* **EXERCISE OBJECTIVE**
The required lines are those that contain "Import"; pull them out of the data and copy them.

[Stored items]
----

(* Let $\Omega=(-X,X)\times(-Y,Y)$, let $N_x,N_y$ be even positive integers, $h_x=2X/N_x$, $h_y=2Y/N_y$. Suppose $\mathsf{J}\in C^1_{\mathrm{per}}(\Omega)$ and define its grid restriction by $J_{ij}:=\mathsf{J}(x_i,y_j)$, extended periodically in $(i,j)$. Then there is a constant $C>0$, depending on $\mathsf{J}$ (and $\Omega$) but independent of $h_x$ and $h_y$, such that for any periodic grid functions $f,g\in\mathcal{M}_h$ and any $\alpha>0$, $$|\langle J \circledast f, \Delta_N g\rangle|\le \alpha\|f\|_2^2+\frac{C}{\alpha}\|\nabla_N g\|_2^2 .$$
   Context: Grid: $x_i=-X+ih_x$, $y_j=-Y+jh_y$, index set $S_h=\{(i,j):1\le i\le N_x,1\le j\le N_y\}$, $\widehat S_h=\{(k,l)\in\mathbb{Z}^2: -N_x/2+1\le k\le N_x/2,\ -N_y/2+1\le l\le N_y/2\}$. $\mathcal{M}_h$ is the space of real grid functions $f_{ij}$ that are $N_x$-periodic in $i$ and $N_y$-periodic in $j$. Discrete inner product $\langle f,g\rangle=h_xh_y\sum_{(i,j)\in S_h}f_{ij}g_{ij}$ (for vector grid functions, sum of componentwise products), $\|f\|_2=\sqrt{\langle f,f\rangle}$. Discrete Fourier transform $\hat f_{kl}=\sum_{(i,j)\in S_h}f_{ij}e^{-\mathrm{i}k\pi x_i/X}e^{-\mathrm{i}l\pi y_j/Y}$, $(k,l)\in\widehat S_h$, with inverse $f_{ij}=\frac{1}{N_xN_y}\sum_{(k,l)\in\widehat S_h}\hat f_{kl}e^{\mathrm{i}k\pi x_i/X}e^{\mathrm{i}l\pi y_j/Y}$. The spectral derivatives $D_x,D_y$ act by multiplying $\hat f_{kl}$ by $\mathrm{i}k\pi/X$ and $\mathrm{i}l\pi/Y$ respectively; $\nabla_N f=(D_xf,D_yf)^T$, $\Delta_N f=D_x^2f+D_y^2f$. Discrete (periodic) convolution: $(J\circledast f)_{ij}=h_xh_y\sum_{(m,n)\in S_h}J_{i-m,j-n}f_{mn}$. *)

From Stdlib Require Import Reals ZArith Lra.
From Coquelicot Require Import Coquelicot.
Open Scope R_scope.

Definition cis (t : R) : C := (cos t, sin t).

Fixpoint sumZ (n : nat) (F : Z -> C) : C :=
  match n with
  | O => RtoC 0
  | S m => Cplus (sumZ m F) (F (Z.of_nat (S m)))
  end.

Fixpoint sumZR (n : nat) (F : Z -> R) : R :=
  match n with
  | O => 0
  | S m => sumZR m F + F (Z.of_nat (S m))
  end.

Definition hstep (L : R) (N : nat) : R := 2 * L / INR N.
Definition node (L : R) (N : nat) (i : Z) : R := - L + IZR i * hstep L N.

Definition gridR := Z -> Z -> R.
Definition gridC := Z -> Z -> C.

Definition periodic_grid (Nx Ny : nat) (f : gridR) : Prop :=
  forall i j, f (i + Z.of_nat Nx)%Z j = f i j /\ f i (j + Z.of_nat Ny)%Z = f i j.

Definition toC (f : gridR) : gridC := fun i j => RtoC (f i j).

(* sum over S_h = {1..Nx} x {1..Ny} *)
Definition sumS (Nx Ny : nat) (F : Z -> Z -> C) : C :=
  sumZ Nx (fun i => sumZ Ny (fun j => F i j)).
Definition sumSR (Nx Ny : nat) (F : Z -> Z -> R) : R :=
  sumZR Nx (fun i => sumZR Ny (fun j => F i j)).

(* sum over hat S_h = {-Nx/2+1..Nx/2} x {-Ny/2+1..Ny/2} *)
Definition sumShat (Nx Ny : nat) (F : Z -> Z -> C) : C :=
  sumZ Nx (fun a => sumZ Ny (fun b =>
    F (a - Z.of_nat (Nat.div2 Nx))%Z (b - Z.of_nat (Nat.div2 Ny))%Z)).

Definition dft (X Y : R) (Nx Ny : nat) (u : gridC) (k l : Z) : C :=
  sumS Nx Ny (fun i j =>
    Cmult (u i j)
      (Cmult (cis (- (IZR k * PI * node X Nx i / X)))
             (cis (- (IZR l * PI * node Y Ny j / Y))))).

Definition spec_op (X Y : R) (Nx Ny : nat) (m : Z -> Z -> C) (u : gridC) : gridC :=
  fun i j =>
    Cmult (RtoC (/ (INR Nx * INR Ny)))
      (sumShat Nx Ny (fun k l =>
         Cmult (Cmult (m k l) (dft X Y Nx Ny u k l))
           (Cmult (cis (IZR k * PI * node X Nx i / X))
                  (cis (IZR l * PI * node Y Ny j / Y))))).

Definition DxN (X Y : R) (Nx Ny : nat) (u : gridC) : gridC :=
  spec_op X Y Nx Ny (fun k _ => (0, IZR k * PI / X)) u.
Definition DyN (X Y : R) (Nx Ny : nat) (u : gridC) : gridC :=
  spec_op X Y Nx Ny (fun _ l => (0, IZR l * PI / Y)) u.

----

* **EXERCISE ANSWER**
From Stdlib Require Import Reals ZArith Lra.
From Coquelicot Require Import Coquelicot.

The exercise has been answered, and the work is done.